I'm trying to use the following regex in Java, that's supposed to match any lang="2-char-lang-name":
String lang = "lang=\"" + L.detectLang(inputText) +"\"";
shovel.replaceFirst("lang=\"[..]\"", lang);
I know that a single slash would be interpreted by regex as a slash and not an escape character (so my code doesn't work), but if I escape the slash, the " won't be escaped any more and I'd get a syntax error.
In other words, how can I include a " in the regex? "lang=\\"[..]\\"" won't work.

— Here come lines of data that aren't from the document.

(* For every integer $n \geq 1$, \[ 2p(n) - 1 \;=\; \sum_{(a_1,\dots,a_k) \in \mathcal{A}(n)} \left\lfloor \frac{a_{k-1} + a_k}{a_{k-1} + 1} \right\rfloor, \] where $p(n)$ is the number of partitions of $n$.
   Context: An ascending composition of a positive integer $n$ is a finite sequence of positive integers $(a_1,\dots,a_k)$, $k\ge 1$, with $a_1+\dots+a_k=n$ and $a_1\le a_2\le\dots\le a_k$. $\mathcal{A}(n)$ denotes the set of all ascending compositions of $n$, so $|\mathcal{A}(n)| = p(n)$. By convention $a_0 = 0$ for every ascending composition, so for the one-part composition $(n)$ the summand is $\lfloor (0+n)/(0+1)\rfloor = n$. *)

From mathcomp Require Import all_boot.
Set Implicit Arguments. Unset Strict Implicit. Unset Printing Implicit Defensive.

Definition is_asc_comp (n : nat) (s : seq nat) : bool :=
  [&& 0 < size s, all (fun a => 0 < a) s, sumn s == n & sorted leq s].

(* a_k (last part) and a_{k-1} with the convention a_0 = 0. *)
Definition last_part (s : seq nat) : nat := last 0 s.
Definition prev_part (s : seq nat) : nat := nth 0 (0 :: s) (size s).-1.

Definition summand (s : seq nat) : nat :=
  (prev_part s + last_part s) %/ (prev_part s).+1.

(* Write the summand as 1 + e(s), where e(s) = floor((a_k - 1)/(a_{k-1} + 1))
   counts the ways to cut the last part a_k into j >= 1 copies of a_{k-1} + 1
   followed by a remainder a_k + a_{k-1} - j (a_{k-1} + 1), which then exceeds
   a_{k-1}; to keep the result ascending, a_{k-1} itself is merged into the
   remainder.  Cutting is a bijection from the pairs (s, j), 1 <= j <= e(s), onto
   the ascending compositions other than (n): the inverse finds the run of equal
   parts c before the last one, re-merges them and restores the part c - 1.
   Hence the sum is p(n) + (p(n) - 1). *)
From mathcomp Require Import all_boot zify.
Set Implicit Arguments. Unset Strict Implicit. Unset Printing Implicit Defensive.

Definition extra (s : seq nat) : nat := (last_part s).-1 %/ (prev_part s).+1.

Definition split_last (s : seq nat) (j : nat) : seq nat :=
  let a := prev_part s in
  take (size s).-2 s ++ nseq j a.+1 ++ [:: last_part s + a - j * a.+1].

(* For c = 1 the restored part c - 1 = 0 is the fictitious a_0 and is dropped. *)
Definition merge_last (t : seq nat) : seq nat * nat :=
  let u := take (size t).-1 t in
  let c := last 0 u in
  let j := count_mem c u in
  ([seq x <- u | x < c] ++ (if c.-1 is 0 then [::] else [:: c.-1])
     ++ [:: last 0 t + j * c - c.-1], j).

Lemma prev_part_cat2 p a b : prev_part (p ++ [:: a; b]) = a.
Proof.
by rewrite /prev_part size_cat addn2 /= -/(nth 0 (p ++ [:: a; b]) (size p))
  nth_cat ltnn subnn.
Qed.

Lemma last_part_cat2 p a b : last_part (p ++ [:: a; b]) = b.
Proof. by rewrite /last_part last_cat. Qed.

Lemma extra1 b : extra [:: b] = b.-1.
Proof. by rewrite /extra /last_part /prev_part /= divn1. Qed.

Lemma extra_cat2 p a b : extra (p ++ [:: a; b]) = b.-1 %/ a.+1.
Proof. by rewrite /extra prev_part_cat2 last_part_cat2. Qed.

Lemma split_last1 b j : split_last [:: b] j = nseq j 1 ++ [:: b - j].
Proof. by rewrite /split_last /last_part /prev_part /= addn0 muln1. Qed.

Lemma split_last_cat2 p a b j :
  split_last (p ++ [:: a; b]) j = p ++ nseq j a.+1 ++ [:: b + a - j * a.+1].
Proof.
by rewrite /split_last prev_part_cat2 last_part_cat2 size_cat addn2 take_size_cat.
Qed.

Lemma merge_last_run p j c d : all (fun x => x < c) p -> 0 < j ->
  merge_last (p ++ nseq j c ++ [:: d]) =
  (p ++ (if c.-1 is 0 then [::] else [:: c.-1]) ++ [:: d + j * c - c.-1], j).
Proof.
move=> p_lt_c j_gt0.
have take_eq : take (size (p ++ nseq j c ++ [:: d])).-1 (p ++ nseq j c ++ [:: d])
               = p ++ nseq j c by rewrite catA take_size_cat // !size_cat addn1.
have last_eq : last 0 (p ++ nseq j c) = c.
  by case: (j) j_gt0 => // k _; rewrite last_cat /=; elim: k.
have count_eq : count_mem c (p ++ nseq j c) = j.
  rewrite count_cat count_nseq /= eqxx mul1n.
  suff /count_memPn -> : c \notin p by [].
  by apply/negP => /(allP p_lt_c); rewrite ltnn.
have filter_eq : [seq x <- p ++ nseq j c | x < c] = p.
  by rewrite filter_cat filter_nseq ltnn mul0n cats0 (all_filterP p_lt_c).
by rewrite /merge_last take_eq last_eq count_eq filter_eq !last_cat.
Qed.

Lemma sorted_leq_cat_cons p x q : sorted leq (p ++ x :: q) =
  [&& all (fun y => y <= x) p, sorted leq p & path leq x q].
Proof.
by rewrite sorted_cat_cons !(sorted_pairwise leq_trans) pairwise_rcons andbA.
Qed.

Lemma path_leq_nseq k c d : path leq c (nseq k c ++ [:: d]) = (c <= d).
Proof. by elim: k => [|k /= ->]; rewrite /= ?andbT ?leqnn. Qed.

Lemma sorted_leq_filter_nseq (u : seq nat) c :
  sorted leq u -> all (fun x => x <= c) u ->
  u = [seq x <- u | x < c] ++ nseq (count_mem c u) c.
Proof.
elim: u => //= x u IHu; rewrite (path_sortedE leq_trans).
move=> /andP[x_le_u u_sorted] /andP[x_le_c u_le_c].
case: ltnP => [x_lt_c | c_le_x]; first by rewrite (ltn_eqF x_lt_c) add0n /= -IHu.
have /eqP <- : x == c by rewrite eqn_leq x_le_c.
have /all_pred1P -> : all (pred1 x) u.
  by apply/allP => y y_u; rewrite /= eqn_leq (allP x_le_u y y_u) andbT
    (leq_trans (allP u_le_c y y_u)).
by rewrite count_nseq filter_nseq /= eqxx ltnn mul1n.
Qed.

Lemma last2_cases (s : seq nat) : 0 < size s ->
  (exists b, s = [:: b]) \/ exists p a b, s = p ++ [:: a; b].
Proof.
case/lastP: s => // u b _; case/lastP: u => [|p a]; first by left; exists b.
by right; exists p, a, b; rewrite -!cats1 -catA.
Qed.

Lemma summand_extra n s : is_asc_comp n s -> summand s = 1 + extra s.
Proof.
case/and4P=> s_gt0 s_pos _ _; rewrite /summand /extra.
have : 0 < last_part s.
  by case: s s_gt0 s_pos => // x s _ /allP; apply; exact: mem_last.
case: (last_part s) => // b _.
by rewrite -addSnnS -{1}[(prev_part s).+1]mul1n divnMDl.
Qed.

Lemma split_last_asc_comp n s j : is_asc_comp n s -> 0 < j <= extra s ->
  [/\ is_asc_comp n (split_last s j), 1 < size (split_last s j)
    & merge_last (split_last s j) = (s, j)].
Proof.
case/and4P=> s_gt0 s_pos /eqP s_sum s_sorted /andP[j_gt0].
case: (last2_cases s_gt0) => [[b s_eq] | [p [a [b s_eq]]]].
  move: s_sum; rewrite s_eq extra1 split_last1 /= addn0 => b_eq j_le.
  have j_lt_b : j < b by lia.
  split.
  - apply/and4P; split; rewrite ?size_cat ?addn1 //.
    + by rewrite all_cat /= andbT subn_gt0 j_lt_b; elim: (j).
    + by rewrite sumn_cat sumn_nseq /= mul1n; apply/eqP; lia.
    + by case: (j) j_gt0 j_lt_b => // k _ /=; rewrite path_leq_nseq subn_gt0.
  - by rewrite size_cat size_nseq addn1.
  - by rewrite (@merge_last_run [::]) //= muln1 subn0 subnK // ltnW.
rewrite s_eq extra_cat2 split_last_cat2 leq_divRL // => j_le.
move: s_pos s_sum s_sorted; rewrite s_eq all_cat sumn_cat sorted_leq_cat_cons /=.
rewrite !andbT => /and3P[p_pos a_pos b_pos] s_sum /and3P[p_le_a p_sorted a_le_b].
have m_ge : a.+1 <= j * a.+1 by rewrite leq_pmull.
have d_gt : a < b + a - j * a.+1 by lia.
split.
- apply/and4P; split.
  + by rewrite !size_cat /=; lia.
  + by rewrite !all_cat p_pos all_nseq /= andbT orbT; lia.
  + by rewrite !sumn_cat sumn_nseq /= -s_sum; apply/eqP; lia.
  + rewrite -(prednK j_gt0) /= sorted_leq_cat_cons p_sorted path_leq_nseq.
    rewrite prednK // d_gt !andbT.
    by apply: sub_all p_le_a => y; apply: leqW.
- by rewrite !size_cat size_nseq /=; lia.
- rewrite merge_last_run //=.
  have -> : b + a - j * a.+1 + j * a.+1 - a = b by lia.
  by case: (a) a_pos.
Qed.

Lemma sorted_leq_last_run (t : seq nat) : sorted leq t -> 1 < size t ->
  exists p j c d,
    [/\ t = p ++ nseq j c ++ [:: d], all (fun x => x < c) p & 0 < j].
Proof.
move=> t_sorted t_gt1.
case: (last2_cases (ltnW t_gt1)) => [[b t_eq] | [q [c [d t_eq]]]].
  by rewrite t_eq in t_gt1.
have u_sorted : sorted leq (rcons q c).
  by move: t_sorted; rewrite t_eq sorted_cat_cons => /andP[].
have u_le_c : all (fun y => y <= c) (rcons q c).
  by rewrite all_rcons leqnn; move: t_sorted; rewrite t_eq sorted_leq_cat_cons => /andP[].
exists [seq y <- rcons q c | y < c], (count_mem c (rcons q c)), c, d; split.
- by rewrite t_eq -cat_rcons {1}(sorted_leq_filter_nseq u_sorted u_le_c) catA.
- exact: filter_all.
- by rewrite -cats1 count_cat /= eqxx addn1.
Qed.

Lemma split_last_onto n t : is_asc_comp n t -> 1 < size t ->
  exists s j, [/\ is_asc_comp n s, 0 < j <= extra s & split_last s j = t].
Proof.
case/and4P=> _ t_pos /eqP t_sum t_sorted /(sorted_leq_last_run t_sorted).
move=> [p [j [c [d [t_eq p_lt_c j_gt0]]]]]; subst t.
move: t_pos t_sum t_sorted; rewrite -[in sorted _ _](prednK j_gt0) /=.
rewrite sorted_leq_cat_cons path_leq_nseq !all_cat all_nseq !sumn_cat sumn_nseq /= !andbT.
rewrite (gtn_eqF j_gt0) => /and3P[p_pos c_pos d_pos] t_sum /and3P[_ p_sorted c_le_d].
have [a c_eq] : exists a, c = a.+1 by exists c.-1; rewrite prednK.
subst c.
have [a0 | a_gt0] := posnP a.
  subst a.
  have p_nil : p = [::].
    by case: (p) p_lt_c p_pos => // x q /andP[x_lt1 _] /andP[x_pos _]; lia.
  rewrite p_nil /= in t_sum *.
  exists [:: d + j], j; split; rewrite ?extra1 ?split_last1 ?addnK //.
  - by apply/and4P; split => //=; rewrite ?andbT ?addn_gt0 ?d_pos //; apply/eqP; lia.
  - by rewrite j_gt0; lia.
have m_ge : a.+1 <= j * a.+1 by rewrite leq_pmull.
exists (p ++ [:: a; d + j * a.+1 - a]), j; split.
- apply/and4P; split; rewrite ?size_cat ?addn2 //.
  + by rewrite all_cat p_pos /= a_gt0 andbT; lia.
  + by rewrite sumn_cat /=; apply/eqP; lia.
  + rewrite sorted_leq_cat_cons p_sorted /= andbT; apply/andP; split; last by lia.
    by apply: sub_all p_lt_c => y; rewrite ltnS.
- by rewrite extra_cat2 j_gt0 leq_divRL //; lia.
- by rewrite split_last_cat2; do 3 f_equal; lia.
Qed.

Definition split_pairs (l : seq (seq nat)) : seq (seq nat * nat) :=
  [seq (s, j) | s <- l, j <- iota 1 (extra s)].

Lemma size_split_pairs l : size (split_pairs l) = \sum_(s <- l) extra s.
Proof.
rewrite size_allpairs_dep sumnE big_map.
by apply: eq_bigr => s _; rewrite size_iota.
Qed.

Lemma mem_split_pairs l s j :
  ((s, j) \in split_pairs l) = (s \in l) && (0 < j <= extra s).
Proof.
apply/allpairsPdep/andP => [[x [y [x_l y_iota [-> ->]]]] | [s_l j_range]].
  by move: y_iota; rewrite mem_iota add1n ltnS.
by exists s, j; rewrite mem_iota add1n ltnS.
Qed.

Lemma split_pairs_uniq l : uniq l -> uniq (split_pairs l).
Proof.
move=> l_uniq; apply: allpairs_uniq_dep => // [s _ | [x y] [x' y'] _ _ /= [-> ->]] //.
exact: iota_uniq.
Qed.

Lemma perm_split_pairs n l :
  uniq l -> (forall s, (s \in l) = is_asc_comp n s) ->
  perm_eq [seq split_last x.1 x.2 | x <- split_pairs l] [seq t <- l | t != [:: n]].
Proof.
move=> l_uniq mem_l.
have merge_split : {in split_pairs l, cancel (fun x => split_last x.1 x.2) merge_last}.
  move=> [s j]; rewrite mem_split_pairs mem_l => /andP[s_asc j_range].
  by case: (split_last_asc_comp s_asc j_range).
apply: uniq_perm.
- by rewrite (map_inj_in_uniq (can_in_inj merge_split)) split_pairs_uniq.
- exact: filter_uniq.
move=> t; rewrite mem_filter; apply/mapP/andP => [[[s j]] | [t_n]].
  rewrite mem_split_pairs mem_l => /andP[s_asc j_range] ->.
  case: (split_last_asc_comp s_asc j_range) => t_asc t_gt1 _.
  by rewrite mem_l t_asc; split => //; apply: contraTneq t_gt1 => ->.
rewrite mem_l => t_asc.
have t_gt1 : 1 < size t.
  case/and4P: (t_asc) t_n; case: (t) => [|b [|//]] //= _ _ /eqP.
  by rewrite addn0 => ->; rewrite eqxx.
have [s [j [s_asc j_range <-]]] := split_last_onto t_asc t_gt1.
by exists (s, j); rewrite // mem_split_pairs mem_l s_asc.
Qed.

Theorem mainTheorem1 (n : nat) (l : seq (seq nat)) :
  1 <= n -> uniq l -> (forall s, (s \in l) = is_asc_comp n s) ->
  2 * size l - 1 = \sum_(s <- l) summand s.
Proof.
move=> n_gt0 l_uniq mem_l.
have single_l : count_mem [:: n] l = 1.
  by rewrite count_uniq_mem // mem_l /is_asc_comp /= addn0 eqxx n_gt0.
have size_others : size [seq t <- l | t != [:: n]] = (size l).-1.
  by rewrite size_filter -(count_predC (pred1 [:: n]) l) single_l.
rewrite (eq_big_seq (fun s => 1 + extra s)); last first.
  by move=> s; rewrite mem_l => /summand_extra.
rewrite big_split /= sum1_size -size_split_pairs.
rewrite -(size_map (fun x => split_last x.1 x.2)).
rewrite (perm_size (perm_split_pairs l_uniq mem_l)) size_others.
have := count_size (pred1 [:: n]) l; rewrite single_l; lia.
Qed.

I've also tried three slashes and that didn't have any matches either.
I am also aware of the general rule that you don't use regex to parse XML/HTML. (and shovel is an XML) However, all I'm doing is, looking for a lang attribute that is within the first 30 characters of the XML, and I want to replace it. Is it really a bad idea to use regex in this case? I don't think using DOM would be any better/more efficient.
解决方案
Three slashes would be correct (\\ + \" becomes \ + " = \"). (Update: Actually, it turns out that isn't even necessary. A single slash also works, it seems.) The problem is your use of [..]; the [] symbols mean "any of the characters in here" (so [..] just means "any character").
Drop the [] and you should be getting what you want:
String ab = "foo=\"bar\" lang=\"AB\"";
String regex = "lang=\\\"..\\\"";
String cd = ab.replaceFirst(regex, "lang=\"CD\"");
System.out.println(cd);
Output:
foo="bar" lang="CD"